Après avoir discuté un peu avec un des bibliothécaires, comme j’avais quelques courses à faire, je me suis offert un petit périple. J’avais sur moi toutes les feuilles d’attestation de déplacement provisoire. Je n’en n’ai pas rempli une seule. J’avais besoin de prendre l’air. J’en avais assez de devoir prendre le temps d’écrire sur une feuille ce que je vais faire. Et quand. Et où. Et pourquoi. Et avec qui. Et dans quelle position. Et pendant combien de temps. Ce que j’écris est très grave car je donne un mauvais exemple de comportement civique en pleine période de pandémie. Mais c’est la première fois que je le fais. Et, surtout, il s’agissait de marcher un peu dans ma ville à l’heure de midi.

Mon masque sur le visage- oui, je porte toujours mon masque sur mon nez et ma bouche lorsque je sors !- j’ai un peu improvisé dans les rues. Jusqu’à arriver devant ce magasin de produits exotiques tenus par des Chinois où je n’étais pas allé depuis une bonne année. Ou plus.

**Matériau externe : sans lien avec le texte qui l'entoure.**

(* Let $k:[0,1]\times[0,1]\to\mathbb{R}$ be continuous and let $f$ be a real function of $(x,u,v,z)$. Define $$G_0(x,s)=\frac16\begin{cases} s(x-1)(x^2-x+s^2), & 0\le s\le x\le 1,\\ x(s-1)(s^2-s+x^2), & 0\le x\le s\le 1,\end{cases}\qquad G_1(x,s)=\frac16\begin{cases} s(3x^2-6x+s^2+2), & 0\le s\le x\le 1,\\ (s-1)(3x^2-2s+s^2), & 0\le x\le s\le 1,\end{cases}$$ $M_0=\max_{0\le x\le1}\int_0^1|G_0(x,s)|\,ds$, $M_1=\max_{0\le x\le 1}\int_0^1|G_1(x,s)|\,ds$, $M_2=\max_{0\le x\le1}\int_0^1|k(x,s)|\,ds$, and for $M>0$ $$\mathcal{D}_M=\{(x,u,v,z): 0\le x\le 1,\ |u|\le M_0M,\ |v|\le M_1M,\ |z|\le M_0M_2M\}.$$ Suppose there exist numbers $M>0$ and $L_0,L_1,L_2\ge 0$ such that: (i) $f$ is continuous on $\mathcal{D}_M$ and $|f(x,u,v,z)|\le M$ for all $(x,u,v,z)\in\mathcal{D}_M$; (ii) $|f(x_2,u_2,v_2,z_2)-f(x_1,u_1,v_1,z_1)|\le L_0|u_2-u_1|+L_1|v_2-v_1|+L_2|z_2-z_1|$ for all $(x_i,u_i,v_i,z_i)\in\mathcal{D}_M$, $i=1,2$; (iii) $q:=L_0M_0+L_1M_1+L_2M_0M_2<1$. Then the problem $$u^{(4)}(x)=f\Big(x,u(x),u'(x),\int_0^1 k(x,t)u(t)\,dt\Big),\ 0<x<1,\qquad u(0)=u(1)=u''(0)=u''(1)=0$$ has a unique solution $u\in C^4[0,1]$ satisfying $|u(x)|\le M_0M$ and $|u'(x)|\le M_1M$ for all $0\le x\le 1$.
   Context: $G_0$ is the Green function of $u''''=0$ with boundary conditions $u(0)=u''(0)=u(1)=u''(1)=0$, and $G_1=\partial G_0/\partial x$. The paper computes $M_0=5/384$ and $M_1=1/24$. *)

From Stdlib Require Import Reals.
From Coquelicot Require Import Coquelicot.
Open Scope R_scope.
(* Let $N\ge1$, let $U\in\mathrm U(2N)$ with upper-left $N\times N$ block $A$, and let $A=W_1\Sigma V_1^\dagger$ be a singular value decomposition, $\Sigma=\mathrm{diag}(\sigma_0,\dots,\sigma_{N-1})$. Let $d\ge1$ and $\varphi_0,\dots,\varphi_{2d}\in\mathbb R$, put $Z_\varphi:=\mathrm{diag}(e^{i\varphi}I_N,e^{-i\varphi}I_N)$, and define the $2N\times 2N$ unitary $$\mathcal O:=Z_{\varphi_0}\prod_{j=1}^d\big(U^\dagger Z_{\varphi_{2j-1}}UZ_{\varphi_{2j}}\big).$$ Define $\tilde\varphi_0=\varphi_0+\pi/4$, $\tilde\varphi_{2d}=\varphi_{2d}+\pi/4$, $\tilde\varphi_i=\varphi_i+\pi/2$ for even $i\in\{2,\dots,2d-2\}$, and $\tilde\varphi_i=\varphi_i-\pi/2$ for odd $i$, and let $P(x):=\langle 0|e^{i\tilde\varphi_0Z}\prod_{j=1}^{2d}W(x)e^{i\tilde\varphi_jZ}|0\rangle$. Then $P$ is an even polynomial of degree at most $2d$, and the upper-left $N\times N$ block of $\mathcal O$ equals $V_1P(\Sigma)V_1^\dagger$; equivalently, writing $P(x)=\tilde P(x^2)$, it equals $\tilde P(A^\dagger A)$.
   Context: $W(x):=\begin{pmatrix}x& i\sqrt{1-x^2}\\ i\sqrt{1-x^2}&x\end{pmatrix}$ for $x\in[-1,1]$, $Z=\mathrm{diag}(1,-1)$, and $P(\Sigma)=\mathrm{diag}(P(\sigma_0),\dots,P(\sigma_{N-1}))$. The ''upper-left block'' of a $2N\times2N$ matrix $B$ is $(\langle0|\otimes I_N)B(|0\rangle\otimes I_N)$. *)

From HB Require Import structures.
From mathcomp Require Import all_boot all_order all_algebra.
From mathcomp Require Import complex.
From mathcomp Require Import reals trigo.
Set Implicit Arguments. Unset Strict Implicit. Unset Printing Implicit Defensive.
Import Order.TTheory GRing.Theory Num.Theory.
Local Open Scope ring_scope.
Local Open Scope complex_scope.

Section Defs.
Variable R : realType.
Local Notation C := R[i].

Definition expi (t : R) : C := (cos t)%:C + 'i * (sin t)%:C.

Definition adj m n (A : 'M[C]_(m, n)) : 'M[C]_(n, m) :=
  \matrix_(i, j) (A j i)^*.

Definition unitary n (U : 'M[C]_n) : Prop :=
  U *m adj U = 1%:M /\ adj U *m U = 1%:M.

Definition Zphi N (phi : R) : 'M[C]_(N + N) :=
  block_mx ((expi phi)%:M) 0 0 ((expi (- phi))%:M).

Definition Oseq N (U : 'M[C]_(N + N)) (d : nat) (phi : nat -> R) : 'M[C]_(N + N) :=
  Zphi N (phi 0%N) *m
  \big[mulmx/1%:M]_(1 <= j < d.+1)
     (adj U *m Zphi N (phi (2 * j).-1) *m U *m Zphi N (phi (2 * j)%N)).

Definition phit (d : nat) (phi : nat -> R) (i : nat) : R :=
  if i == 0%N then phi 0%N + pi / 4
  else if i == (2 * d)%N then phi (2 * d)%N + pi / 4
  else if odd i then phi i - pi / 2
  else phi i + pi / 2.

Definition Wx (x : R) : 'M[C]_2 :=
  \matrix_(i < 2, j < 2)
    (if i == j then x%:C else 'i * (Num.sqrt (1 - x ^+ 2))%:C).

 Photo prise près du Louvre, ce 5 novembre 2020.

Il était ouvert. Cela se voyait d’assez loin avec l’enseigne lumineuse, au dessus du magasin, qui clignotait. Dans notre monde de plus en plus fermé par la peur, voir un magasin ou un lieu ouvert peut donner l’impression de se retrouver devant une oasis. Ce que bien des commerces, bien des pubs, certains programmes politiques, économiques ou religieux nous promettent.  

Sur la droite de « l’oasis », un chien agenouillé et enchaîné. Etait-ce l’un des chiens de l’enfer ? Il avait l’air plutôt gentil. Sauf qu’il n’était pas là, les dernières fois.

Après avoir dit bonjour à la dame, j’ai à peine eu le temps d’aller dans les rayons que celle-ci m’a demandé avec une certaine inquiétude…de mettre du gel hydro-alcoolique sur mes mains. J’ai alors vu le flacon devant elle ainsi que le mot nous invitant à l’utiliser.

Mais il y avait plus. Lors de mes précédentes venues, il suffisait de faire son tour et de choisir ses articles. Là,  il a presque fallu que j’annonce mes intentions d’achat dès le départ. Cela m’a fait penser à de la rapine répétée dont le magasin a pu avoir à se plaindre.

J’ai apparemment su rassurer car, ensuite, la dame m’a laissé fureter entre les étalages.

J’étais devant le rayon des surgelés lorsque je l’ai entendue dire à voix haute :

« Il faut mettre votre masque ! ». Peu après, j’ai vu débouler un homme peut-être d’origine pakistanaise ou bangladaise en tenue traditionnelle longue et sandales. Il est resté peu de temps.

La date de péremption du produit surgelé que je regardais était dépassée de quelques jours : Octobre 2020. J’en ai parlé à la vendeuse. Elle s’en est étonnée. Un peu plus tôt, elle m’avait expliqué qu’en ce moment, ils avaient de moindres approvisionnements.

Elle m’a proposé de me faire un prix. Cinq euros au lieu de six euros quatre vingts.

J’ai accepté.

Franck Unimon, ce dimanche 8 novembre 2020.